Imamura Hideaki, Akioka Yuko, Asano Tatsuo, Sugawara Noriko, Ishizuka Kiyonobu, Chikamoto Hiroko, Taki Masashi, Terasawa Fumiko, Okumura Nobuo, Hattori Motoshi
Department of Pediatric Nephrology, Tokyo Women's Medical University, Tokyo, Japan; Division of Pediatrics, Department of Reproductive and Developmental Medicine, Faculty of Medicine, University of Miyazaki, Miyazaki, Japan.
Pediatr Transplant. 2013 Nov;17(7):E161-4. doi: 10.1111/petr.12140. Epub 2013 Aug 21.
In kidney transplantation, it is essential to avoid acute vascular complications, such as hemorrhage and renal vascular thrombosis, which may often lead to allograft loss. Inherited dysfibrinogenemia is a rare coagulation disorder with a wide spectrum of clinical manifestations, such as excessive bleeding and thrombosis. A 12-yr-old boy, previously diagnosed with renal hypodysplasia, was found to have reduced fibrinogen concentrations. Coagulation tests assessing surgical risk during kidney transplantation showed a discrepancy between functional and immunologic fibrinogen concentrations. Gene analysis confirmed inherited dysfibrinogenemia, with a heterozygous mutation in FGA (Aα Arg16His) in the patient and his mother. Based on the molecular and functional properties of the mutation, and a familial phenotype, in which his aunt had experienced a previous bleeding episode, the patient was considered at greater risk of bleeding than of thrombosis. The patient was administered fibrinogen concentrate before surgery, and kidney transplantation was performed with his father as the organ donor. The patient received additional prophylactic infusions of fibrinogen concentrate postoperatively, and his postoperative course was uneventful. Accurate diagnosis of dysfibrinogenemia, including gene analysis, is important for correctly managing patients with this coagulation disorder who are undergoing kidney transplantation.

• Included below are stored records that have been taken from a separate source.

Theorem mainTheorem3 (R : realType) :
  ~ (exists p : label -> 'rV[R]_5, realizes p).
Proof.
move=> [p realP]; have flip := sgr_chi_exchange realP.
pose Z := chi p [:: 1; 2; 3; 4; 11; 0].
have Z_neq0 : Z != 0 := chi_rcons_neq0 (l := [:: 1; 2; 3; 4; 11]) (w := 0) realP isT isT isT.
have s1 : Num.sg (chi p [:: 1; 7; 3; 4; 11; 0]) = Num.sg Z :=
  flip [:: 0; 1; 3; 4; 11] [:: 1; 2; 3; 4; 11; 0] 1 7 isT.
have s2 : Num.sg (chi p [:: 1; 2; 3; 4; 10; 0]) = Num.sg Z :=
  flip (iota 0 7) [:: 1; 2; 3; 4; 11; 0] 4 10 isT.
have s3 : Num.sg (chi p [:: 5; 2; 3; 4; 11; 0]) = Num.sg Z :=
  flip [:: 0; 2; 3; 4; 11] [:: 1; 2; 3; 4; 11; 0] 0 5 isT.
have s4 : Num.sg (chi p [:: 7; 2; 3; 4; 11; 0]) = Num.sg Z :=
  flip [:: 0; 2; 3; 4; 11] [:: 1; 2; 3; 4; 11; 0] 0 7 isT.
have s5 : Num.sg (chi p [:: 7; 2; 5; 4; 11; 0]) = Num.sg Z :=
  etrans (flip [:: 0; 2; 4; 7; 11] [:: 7; 2; 3; 4; 11; 0] 2 5 isT) s4.
have s6 : Num.sg (chi p [:: 1; 7; 3; 2; 11; 0]) = Num.sg Z :=
  etrans (flip [:: 0; 1; 3; 7; 11] [:: 1; 7; 3; 4; 11; 0] 3 2 isT) s1.
have s7 : Num.sg (chi p [:: 1; 2; 3; 5; 10; 0]) = Num.sg Z :=
  etrans (flip [:: 0; 1; 2; 3; 10] [:: 1; 2; 3; 4; 10; 0] 3 5 isT) s2.
have s8 : Num.sg (chi p [:: 1; 2; 3; 5; 11; 0]) = Num.sg Z :=
  etrans (flip (iota 0 7) [:: 1; 2; 3; 5; 10; 0] 4 11 isT) s7.
have s9 : Num.sg (chi p [:: 7; 2; 5; 3; 11; 0]) = Num.sg Z :=
  etrans (flip [:: 0; 2; 5; 7; 11] [:: 7; 2; 5; 4; 11; 0] 3 3 isT) s5.
have swap17 := chi_swap p [:: 1; 2; 3; 7; 11; 0] (k := 1) (l := 3) isT.
have swap75 := chi_swap p [:: 7; 2; 3; 5; 11; 0] (k := 2) (l := 3) isT.
have := chi_plucker p [:: 1; 2; 3; 4; 11; 0] 1 7 5 4 (k := 0) (l := 3) isT.
move: (mul_gt0_sgr Z_neq0 s6 s3) (mul_gt0_sgr Z_neq0 s8 s4) (mul_gt0_sgr Z_neq0 erefl s9).
rewrite /= swap17 swap75 -/Z.
lra.
Qed.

在肾移植中,避免急性血管并发症(如出血和肾血管血栓形成)至关重要,因为这些并发症常常会导致移植肾丧失。遗传性异常纤维蛋白原血症是一种罕见的凝血障碍,临床表现多样,包括出血过多和血栓形成。一名12岁男孩,先前被诊断为肾发育不全,发现其纤维蛋白原浓度降低。评估肾移植手术风险的凝血检查显示,功能性和免疫性纤维蛋白原浓度之间存在差异。基因分析证实为遗传性异常纤维蛋白原血症,患者及其母亲的FGA基因(Aα Arg16His)存在杂合突变。基于该突变的分子和功能特性以及家族表型(其姑姑曾有过出血发作),认为该患者出血风险高于血栓形成风险。患者在手术前接受了纤维蛋白原浓缩物治疗,并以其父亲为器官供体进行了肾移植。患者术后接受了额外的预防性纤维蛋白原浓缩物输注,术后过程顺利。对异常纤维蛋白原血症进行准确诊断,包括基因分析,对于正确管理接受肾移植的这种凝血障碍患者非常重要。